It’s therefore not surprising that the next time we find an Eikev it is also associated with listening, “Eikev, because Abraham hear the inside of My voice (26:5).”

Somehow, proper listening, fixes the Eikev, or at least repairs, some of the damage of the first misguided listening.

Elise Ballard, chose from all the many reflections in her book, “epiphany!” a quote from Kristin Neff, the founder of the Horse Boy Foundation as the epigraph:

“The epiphany was like life opened a doorway, and my job was to walk through it. I didn’t know what I was going to find.

I didn’t know what was going to happen.

But in life, you don’t ever know what’s going to happen.

What I do know is that as life continues to open these doors, I feel safe enough and trusting enough to walk through them.”


I see the poison of the snake’s bite on the Eikev as the inability to walk through the doorways opened in life when we carefully listen to life’s messages and lessons.
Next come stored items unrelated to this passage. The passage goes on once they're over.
Lemma diag_act_sbr m y z p q g : homog p y -> homog q z -> in_pn y -> in_pn z ->
  diag_act m (sbr p q y z) g
  = diag_act m y (diag_act m z g) - (-1) ^+ (p && q) *: diag_act m z (diag_act m y g).
Proof.
move=> hy hz py pz; rewrite /diag_act.
have -> : \sum_(i | factor_lt m i) act i y (\sum_(j | factor_lt m j) act j z g)
   = \sum_(i | factor_lt m i) \sum_(j | factor_lt m j) act i y (act j z g).
  by apply: eq_bigr => i _; rewrite (linfun_sum (act_factor_linear rhoP i y)).
have -> : \sum_(j | factor_lt m j) act j z (\sum_(i | factor_lt m i) act i y g)
   = \sum_(i | factor_lt m i) \sum_(j | factor_lt m j) act j z (act i y g).
  rewrite exchange_big; apply: eq_bigr => j _.
  by rewrite (linfun_sum (act_factor_linear rhoP j z)).
rewrite scaler_sumr -sumrB; apply: eq_bigr => i lt_i.
rewrite scaler_sumr -sumrB (bigD1 i) //= big1 ?addr0 => [|j /andP [_ nji]].
  by apply: (act_factor_sbr rhoP) => //; apply: factor_dom_pn.
rewrite (act_factor_supercomm rhoP g _ hy hz) ?subrr //;
  by [rewrite eq_sym | apply: factor_dom_pn].
Qed.

Lemma diag_act_supercomm m y z p q (s : 'I_a) g :
  (m <= s)%N -> homog p y -> homog q z -> in_pn y ->
  diag_act m y (actV z s g) = (-1) ^+ (p && q) *: actV z s (diag_act m y g).
Proof.
move=> ms hy hz py; rewrite /diag_act (linfun_sum (actV_linear z s)) scaler_sumr.
apply: eq_bigr => i lt_i.
apply: (act_factor_supercomm rhoP (j := Some s)) => //; last exact: factor_dom_pn.
case: i lt_i => [s'|] //= lt; apply/eqP => -[e]; move: lt; rewrite e.
by rewrite ltnNge ms.
Qed.

Lemma diag_act_succ (k : 'I_a) y g : diag_act k.+1 y g = diag_act k y g + actV y k g.
Proof.
rewrite /diag_act (bigD1 (Some k)) /= ?ltnSn // addrC; congr (_ + _).
apply: eq_bigl => -[s|] //=.
by rewrite ltnS ltn_neqAle andbC; congr (_ && _).
Qed.
(* Let $\mathbb{A}$ be a 2-category having the two-dimensional kernel diagram of a 1-cell $l$. Then: (1) $l$ is a co-Kleisli morphism if and only if $l$ has a left adjoint and $l$ is an effective op-faithful morphism; (2) $l$ is a Kleisli morphism if and only if $l$ has a right adjoint and $l$ is an effective op-faithful morphism.
   Context: A 2-category is a $\mathbf{Cat}$-enriched category; composition of 1-cells is juxtaposition, vertical composition of 2-cells is $\cdot$, horizontal composition is $\ast$, $\mathrm{id}_f$ is the identity 2-cell on $f$. $\mathbb{A}^{\mathrm{op}}$, $\mathbb{A}^{\mathrm{coop}}$ are obtained from $\mathbb{A}$ by reversing 1-cells, resp. both 1-cells and 2-cells. A 1-cell is an equivalence if it has a pseudo-inverse up to invertible 2-cells. Adjunctions (in $\mathbb{A}$) are given by unit and counit 2-cells satisfying the triangle identities. For a 1-cell $p:e\to b$ of a 2-category $\mathbb{B}$: an opcomma object of $p$ along itself is $b\uparrow_pb$ with $\delta^0,\delta^1:b\to b\uparrow_pb$, $\alpha:\delta^1p\Rightarrow\delta^0p$ such that for every $y$, $h\mapsto(h\delta^0,h\delta^1,\mathrm{id}_h\ast\alpha)$ is an isomorphism from $\mathbb{B}(b\uparrow_pb,y)$ onto the category of triples $(h_0,h_1:b\to y,\beta:h_1p\Rightarrow h_0p)$ with morphisms pairs $(\xi_0,\xi_1)$ with $(\xi_0\ast\mathrm{id}_p)\cdot\beta=\beta'\cdot(\xi_1\ast\mathrm{id}_p)$. A two-dimensional pushout of a span $f_0,f_1$ is $P$ with $q_0,q_1$, $q_0f_0=q_1f_1$, such that $k\mapsto(kq_0,kq_1)$ is an isomorphism from $\mathbb{B}(P,y)$ onto pairs $(k_0,k_1)$ with $k_0f_0=k_1f_1$ (morphisms pairs of 2-cells $(\xi_0,\xi_1)$ with $\xi_0\ast\mathrm{id}_{f_0}=\xi_1\ast\mathrm{id}_{f_1}$). $\mathbb{B}$ has the two-dimensional cokernel diagram of $p$ if it has $b\uparrow_pb$ and a two-dimensional pushout $b\uparrow_pb\uparrow_pb$ of $(\delta^0,\delta^1)$ with $D^0,D^2$, $D^2\delta^0=D^0\delta^1$; $D^1$ is the unique 1-cell with $D^1\delta^1=D^2\delta^1$, $D^1\delta^0=D^0\delta^0$, $\mathrm{id}_{D^1}\ast\alpha=(\mathrm{id}_{D^0}\ast\alpha)\cdot(\mathrm{id}_{D^2}\ast\alpha)$; $s^0$ is unique with $s^0\delta^0=s^0\delta^1=\mathrm{id}_b$, $\mathrm{id}_{s^0}\ast\alpha=\mathrm{id}_p$. $\mathrm{Desc}_p(y)$: pairs $(h:y\to b,\beta:\delta^1h\Rightarrow\delta^0h)$ with $(\mathrm{id}_{D^0}\ast\beta)\cdot(\mathrm{id}_{D^2}\ast\beta)=\mathrm{id}_{D^1}\ast\beta$, $\mathrm{id}_{s^0}\ast\beta=\mathrm{id}_h$, morphisms $\xi:h_1\Rightarrow h_0$ with $\beta_0\cdot(\mathrm{id}_{\delta^1}\ast\xi)=(\mathrm{id}_{\delta^0}\ast\xi)\cdot\beta_1$; a lax descent object is $L$, $d:L\to b$, $\Psi:\delta^1d\Rightarrow\delta^0d$ with $g\mapsto(dg,\Psi\ast\mathrm{id}_g)$ an isomorphism $\mathbb{B}(y,L)\cong\mathrm{Desc}_p(y)$ for all $y$; $p^H$ is unique with $dp^H=p$, $\Psi\ast\mathrm{id}_{p^H}=\alpha$. $p$ is effective faithful in $\mathbb{B}$ if $\mathbb{B}$ has the two-dimensional cokernel diagram of $p$, a lax descent object of it, and $p^H$ is an equivalence. The codensity monad of $p$ is $(b,t,m,\eta)$ from a right Kan extension $(t,\gamma)$ of $p$ along $p$ (i.e. $\gamma:tp\Rightarrow p$ with $\beta\mapsto\gamma\cdot(\beta\ast\mathrm{id}_p)$ bijective from 2-cells $k\Rightarrow t$ to 2-cells $kp\Rightarrow p$), $m$ unique with $\gamma\cdot(m\ast\mathrm{id}_p)=\gamma\cdot(\mathrm{id}_t\ast\gamma)$, $\eta$ unique with $\gamma\cdot(\eta\ast\mathrm{id}_p)=\mathrm{id}_p$. An Eilenberg–Moore object is $b^{\mathsf{T}}$ with $u$, $\mu:tu\Rightarrow u$ such that $g\mapsto(ug,\mu\ast\mathrm{id}_g)$ is an isomorphism onto the category of pairs $(h,\beta:th\Rightarrow h)$ with $\beta\cdot(\mathrm{id}_t\ast\beta)=\beta\cdot(m\ast\mathrm{id}_h)$, $\beta\cdot(\eta\ast\mathrm{id}_h)=\mathrm{id}_h$ (morphisms $\xi$ with $\xi\cdot\beta_1=\beta_0\cdot(\mathrm{id}_t\ast\xi)$). $p$ is monadic in $\mathbb{B}$ if it has a codensity monad with an Eilenberg–Moore object and the unique $p^{\mathsf{T}}$ with $up^{\mathsf{T}}=p$, $\mu\ast\mathrm{id}_{p^{\mathsf{T}}}=\gamma$ is an equivalence. Duals in $\mathbb{A}$: the two-dimensional kernel diagram of $l$ is its two-dimensional cokernel diagram in $\mathbb{A}^{\mathrm{op}}$; $l$ is effective op-faithful if it is effective faithful in $\mathbb{A}^{\mathrm{op}}$; $l$ is a Kleisli morphism if it is monadic in $\mathbb{A}^{\mathrm{op}}$, and a co-Kleisli morphism if it is monadic in $\mathbb{A}^{\mathrm{coop}}$. *)

Record TwoCatData : Type := MkTwoCatData {
  ob : Type;
  hom : ob -> ob -> Type;
  idm : forall a : ob, hom a a;
  comp : forall a b c : ob, hom b c -> hom a b -> hom a c;
  cell : forall a b : ob, hom a b -> hom a b -> Type;
  vid : forall (a b : ob) (f : hom a b), cell a b f f;
  vcomp : forall (a b : ob) (f g h : hom a b),
      cell a b g h -> cell a b f g -> cell a b f h;
  hcomp : forall (a b c : ob) (f f' : hom b c) (g g' : hom a b),
      cell b c f f' -> cell a b g g' ->
      cell a c (comp a b c f g) (comp a b c f' g')
}.
(* Let $M$ be a monoid in $\mathcal{C}$ and let $V=\mathbb{R}\otimes_\mathbb{Z}\mathrm{gp}(M)$. The following are equivalent: (a) $M$ is a UFM; (b) every face submonoid of $M$ is a UFM; (c) $|\mathcal{A}(M)|=\dim\mathsf{cone}_V(M)$.
   Context: Convention: all monoids are commutative, cancellative, and reduced (only invertible element $0$), written additively; $M^\bullet=M\setminus\{0\}$; atoms $\mathcal{A}(M)=M^\bullet\setminus(M^\bullet+M^\bullet)$. $\mathcal{C}$ is the class of monoids isomorphic to a submonoid of a free commutative monoid of finite rank (equivalently, of $(\mathbb{N}^d,+)$). $M$ is regarded as a submonoid of $V=\mathbb{R}\otimes_\mathbb{Z}\mathrm{gp}(M)$ via $M\hookrightarrow\mathrm{gp}(M)\hookrightarrow V$; $\mathsf{cone}_V(M)$ is the set of finite nonnegative real linear combinations of elements of $M$, and its dimension is that of its linear span. A face of a cone $C$ is a cone $F\subseteq C$ such that whenever $x,y\in C$ and $F$ meets the open segment $\{tx+(1-t)y:0<t<1\}$, then $x,y\in F$. A face submonoid of $M$ is a submonoid $M\cap F$ with $F$ a face of $\mathsf{cone}_V(M)$. A monoid is a UFM (unique factorization monoid) if every element is a sum of atoms and this sum is unique up to order (equivalently, every nonzero element is a sum of prime elements). *)

From HB Require Import structures.
From mathcomp Require Import all_boot all_order all_algebra.
Set Implicit Arguments. Unset Strict Implicit. Unset Printing Implicit Defensive.
Import Order.TTheory GRing.Theory Num.Theory.
Local Open Scope ring_scope.

(* A monoid in the class C is represented (up to isomorphism) as a submonoid
   M of the free commutative monoid (N^d, +), realised as 'rV[nat]_d. *)
Definition submonoid (d : nat) (M : 'rV[nat]_d -> Prop) : Prop :=
  M 0 /\ (forall x y, M x -> M y -> M (x + y)).

Definition atom (d : nat) (N : 'rV[nat]_d -> Prop) (a : 'rV[nat]_d) : Prop :=
  N a /\ a != 0 /\
  ~ (exists b c, N b /\ b != 0 /\ N c /\ c != 0 /\ a = b + c).

Definition UFM (d : nat) (N : 'rV[nat]_d -> Prop) : Prop :=
  (forall x, N x -> exists s : seq 'rV[nat]_d,
       (forall a, a \in s -> atom N a) /\ x = \sum_(a <- s) a) /\
  (forall s t : seq 'rV[nat]_d,
       (forall a, a \in s -> atom N a) -> (forall a, a \in t -> atom N a) ->
       \sum_(a <- s) a = \sum_(a <- t) a -> perm_eq s t).

(* The embedding N^d -> R^d (V = R (x) gp(M) is identified with the span of M in R^d). *)
Definition embed (R : realFieldType) (d : nat) (x : 'rV[nat]_d) : 'rV[R]_d :=
  map_mx (fun n : nat => n%:R) x.

Definition cone (R : realFieldType) (d : nat) (M : 'rV[nat]_d -> Prop)
    (v : 'rV[R]_d) : Prop :=
  exists s : seq (R * 'rV[nat]_d),
    (forall p, p \in s -> 0 <= p.1 /\ M p.2) /\
    v = \sum_(p <- s) p.1 *: embed R p.2.

Definition is_cone (R : realFieldType) (d : nat) (F : 'rV[R]_d -> Prop) : Prop :=
  F 0 /\ (forall x y, F x -> F y -> F (x + y)) /\
  (forall (t : R) x, 0 <= t -> F x -> F (t *: x)).

Definition face (R : realFieldType) (d : nat) (C F : 'rV[R]_d -> Prop) : Prop :=
  is_cone F /\ (forall x, F x -> C x) /\
  (forall x y, C x -> C y ->
     (exists t : R, 0 < t /\ t < 1 /\ F (t *: x + (1 - t) *: y)) ->
     F x /\ F y).

Definition face_submonoid (R : realFieldType) (d : nat) (M : 'rV[nat]_d -> Prop)
    (F : 'rV[R]_d -> Prop) (x : 'rV[nat]_d) : Prop :=
  M x /\ F (embed R x).

Definition has_dim (R : realFieldType) (d : nat) (C : 'rV[R]_d -> Prop) (n : nat)
    : Prop :=
  exists s : seq 'rV[R]_d,
    (forall v, v \in s -> C v) /\ free s /\ size s = n /\
    (forall v, C v -> v \in <<s>>%VS).

Arguments cone R [d] M v.
Arguments embed R [d] x.

(* In a UFM these
     coefficients are unique; clearing denominators of a rational relation
     then shows that the atoms are linearly independent over Q, hence over R.
   - A bounded family of pairwise distinct atoms is finite, so a UFM has a
     duplicate-free list of all its atoms, a basis of the span of cone M.
   - Conversely, if the atoms are as many as dim cone M, they span it and are
     therefore linearly independent, which forces unique factorization. *)

From HB Require Import structures.
From mathcomp Require Import all_boot all_order all_algebra.
From Stdlib Require Import Classical.
From mathcomp Require Import zify.
Set Implicit Arguments. Unset Strict Implicit. Unset Printing Implicit Defensive.
Import Order.TTheory GRing.Theory Num.Theory.
Local Open Scope ring_scope.

Lemma bounded_enum (T : eqType) (A : T -> Prop) (n : nat) :
  (forall s : seq T, uniq s -> (forall x, x \in s -> A x) -> (size s <= n)%N) ->
  exists s : seq T, uniq s /\ forall x, x \in s <-> A x.
Proof.
move=> bound.
pose sample (s : seq T) := uniq s /\ forall x, x \in s -> A x.
have extend s x : sample s -> A x -> x \notin s ->
    sample (x :: s) /\ (size s < n)%N.
  move=> [us As] Ax xs; have ext : sample (x :: s).
    by split=> [|y]; [rewrite /= xs | rewrite inE => /orP [/eqP -> | /As]].
  by split=> //; case: ext => ue Ae; exact: (bound _ ue Ae).
have complete s : sample s -> ~ (exists x, A x /\ x \notin s) ->
    exists t : seq T, uniq t /\ forall x, x \in t <-> A x.
  move=> [us As] no_new; exists s; split=> // x; split=> [/As // | Ax].
  by apply: NNPP => /negP xs; apply: no_new; exists x.
suff grow k s : sample s -> (n - size s <= k)%N ->
    exists t : seq T, uniq t /\ forall x, x \in t <-> A x.
  by apply: (grow n [::]); rewrite ?subn0.
elim: k s => [|k IH] s s_ok hk.
all: case: (classic (exists x, A x /\ x \notin s)) => [[x [Ax xs]] | no_new];
  last exact: complete s s_ok no_new.
all: have [ext lt_sn] := extend s x s_ok Ax xs.
- by move: hk lt_sn; lia.
- by apply: (IH _ ext) => /=; move: hk lt_sn; lia.
Qed.

Section Embedding.
Variables (R : realFieldType) (d : nat).
Implicit Types x y : 'rV[nat]_d.

Lemma embed0 : embed R (0 : 'rV[nat]_d) = 0.
Proof. by apply/matrixP => i j; rewrite !mxE. Qed.

Lemma embedD x y : embed R (x + y) = embed R x + embed R y.
Proof. by apply/matrixP => i j; rewrite !mxE natrD. Qed.

Lemma embed_sum (I : Type) (r : seq I) (F : I -> 'rV[nat]_d) :
  embed R (\sum_(i <- r) F i) = \sum_(i <- r) embed R (F i).
Proof.
elim: r => [|a r IH]; first by rewrite !big_nil embed0.
by rewrite !big_cons embedD IH.
Qed.

Lemma embedMn x k : embed R (x *+ k) = embed R x *+ k.
Proof. by elim: k => [|k IH]; rewrite ?mulr0n ?embed0 // !mulrS embedD IH. Qed.

Lemma nth_embed (s : seq 'rV[nat]_d) i : (i < size s)%N ->
  (map (@embed R d) s)`_i = embed R s`_i.
Proof. by move=> lt_is; rewrite -embed0 (nth_map 0). Qed.

End Embedding.

Section Atomicity.
Variable d : nat.
Implicit Types (M : 'rV[nat]_d -> Prop) (x y : 'rV[nat]_d).

Definition weight x : nat := (\sum_j x ord0 j)%N.

Lemma weightD x y : weight (x + y) = (weight x + weight y)%N.
Proof. by rewrite /weight -big_split /=; apply: eq_bigr => j _; rewrite mxE. Qed.

Lemma weight_eq0 x : (weight x == 0%N) = (x == 0).
Proof.
rewrite /weight sum_nat_eq0; apply/forallP/eqP => [x0 | -> j]; last by rewrite mxE.
by apply/matrixP => i j; rewrite ord1 mxE; apply/eqP/x0.
Qed.

Lemma submonoid_sum M (s : seq 'rV[nat]_d) : submonoid M ->
  (forall a, a \in s -> M a) -> M (\sum_(a <- s) a).
Proof.
move=> [M0 MD]; elim: s => [|a s IH] Ms; first by rewrite big_nil.
rewrite big_cons; apply: MD; first by apply: Ms; rewrite inE eqxx.
by apply: IH => b bs; apply: Ms; rewrite inE bs orbT.
Qed.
Adam and Eve were unable to appreciate the message when “they heard God’s voice walking in the Garden.” They ran and hid, rather than run toward God, Who still spoke to them in the most open way.

Abraham was the consummate listener to such messages and bravely walked through every door opened to him. The opening verse in this portion is to remind us to emulate Abraham, and use the Shema skills we developed in the previous portion, to hear enough from the commandments we observe to gain the safety and trust necessary to take that first step through the doorway of opportunity.